As did my sister, who visited with energy and muscle and enough homemade soup to fill half a freezer.

And of course, my Okanagan daughter and son in law who have been so generous with their time, labour and excellent humour but whom have not yet been consulted on using photo evidence of this here.

More on this, too, another time but needless to say I am deeply grateful to all for the borrow of their vigour and sturdiness.

In the meantime, I have spent the past couple of weeks hauling, yanking, reaching, pushing, pulling, squatting, bending in ways that no functional strength gym routine has ever prepared me for.  I drop into the dirt immediately when I feel a prodromal back twinge and cat, cow, frog and child pose in earnest.  My hands and hamstrings ache and throb. I am scratched, sore and bruised.  But I am starting to feel solid muscle under the layers of corporate, cortisol chub in my arms, thighs and core.  I have no idea if Epsom Salts baths really work but lately, I am all in. Literally. And I have never felt better.

The Garden

The garden is ready for tilling.  The deer fence is now up and gated.
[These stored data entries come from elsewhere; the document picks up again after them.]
Lemma krylov_mx_unit v N : N ^+ n = 0 -> v *m N ^+ n.-1 != 0 ->
  krylov_mx v N \in unitmx.
Proof.
(* Multiplying a relation between the rows by N ^+ (n.-1 - i) isolates its
   coefficient at the first index i where it might be nonzero. *)
move=> Nn vN; rewrite -row_free_unit; apply/inj_row_free => u uK0.
have u_eq0 (i : 'I_n) : (forall j : 'I_n, (j < i)%N -> u 0 j = 0) -> u 0 i = 0.
  move=> u_lt_i; have := congr1 (mulmx^~ (N ^+ (n.-1 - i))) uK0.
  rewrite mul0mx (mulmx_sum_row u) mulmx_suml (bigD1 i) //= big1 => [|j ne_ji].
    rewrite addr0 rowK -scalemxAl -mulmxA mulmxE -exprD subnKC; last by have := ltn_ord i; lia.
    by move/eqP; rewrite scalemx_eq0 (negPf vN) orbF => /eqP.
  rewrite /krylov_mx rowK -scalemxAl; case: (ltngtP j i) => [/u_lt_i-> | lt_ij | /val_inj eq_ji].
  - by rewrite scale0r.
  - by rewrite -mulmxA mulmxE -exprD (expr_eq0_leq Nn) ?mulmx0 ?scaler0 //; lia.
  - by rewrite eq_ji eqxx in ne_ji.
apply/rowP => i; rewrite mxE; elim/ltn_ind: {i}(i : nat) {-2}i (erefl (i : nat)).
by move=> m IHm i im; apply: u_eq0 => j lt_ji; apply: (IHm j) => //; rewrite -im.
Qed.

Lemma nilpotent_similar_shift N : N ^+ n = 0 -> N ^+ n.-1 != 0 ->
  exists2 P, P \in unitmx & similar P N shift_mx.
Proof.
move=> Nn Nn1; have [i Ni] : exists i, row i (N ^+ n.-1) != 0.
  case: (pickP (fun i => row i (N ^+ n.-1) != 0)) => [i Ni | rows0]; first by exists i.
  by case/eqP: Nn1; apply/row_matrixP => i; rewrite row0; apply/eqP/negbFE/rows0.
have uK : krylov_mx (delta_mx 0 i) N \in unitmx by rewrite krylov_mx_unit // -rowE.
exists (krylov_mx (delta_mx 0 i) N) => //.
by apply: similarW; rewrite ?row_free_unit ?krylov_mx_mul.
Qed.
A herd of about ten of them still routinely wander through the property at around 8 am, have a graze of whatever is up and growing. Today it was tulips. They have a little drink from the pond and move on.

Before the gates were installed

I have rescued and potted up my daughter’s hellebores, the rhubarb and a couple of poppies for replanting later.  I left the lovage. It has taken over the garden.  Forager Chef calls lovage “celery on steroids”.  My dad loved it and used it ALL THE TIME in his cooking.  In his late years I went to visit him.  He offered me some of his homemade soup.  It smelled unpleasantly familiar.  When he stepped out of the room for a minute his wife leaned in and whispered, “Your dad cooks for me all the time but everything he makes smells and tastes the same.”  Cracked me up.  Yeah, I am tilling that shit under.

Seeds have been started inside.  Moved the speakeasy furniture and replaced it with grow lights for the time being.  Tomatoes, snapdragons, scabiosa, alyssum, peppers, yarrow, tobacco, sweet peas and cucumbers are all up.  

The Burn

The last open burn ends at the end of this month. We have had a couple already this year.  Still trying to burn off the huge stumps left from the old, dead walnut trees we had to cut down.  Fires were big in my family on the old farm.  Feeding it was a collective effort.  I don’t remember anyone being grumpy on a burn day.  I hope next year to be able to share this work with friends and family with marshmallows and roasted sausages. This year though it’s more like let’s get through the mass of debris before the deadline.

In the moments between the clearing and the seeding, the burning and dumps, I am enjoying flowers the deer missed.

To those of you who checked in I wish you an excellent week.

To my kids. Love you!

One Response

  1. That was great. Thank you for letting me know about your place, and where it is. The work does not get less…just different. Seems you are enjoying it.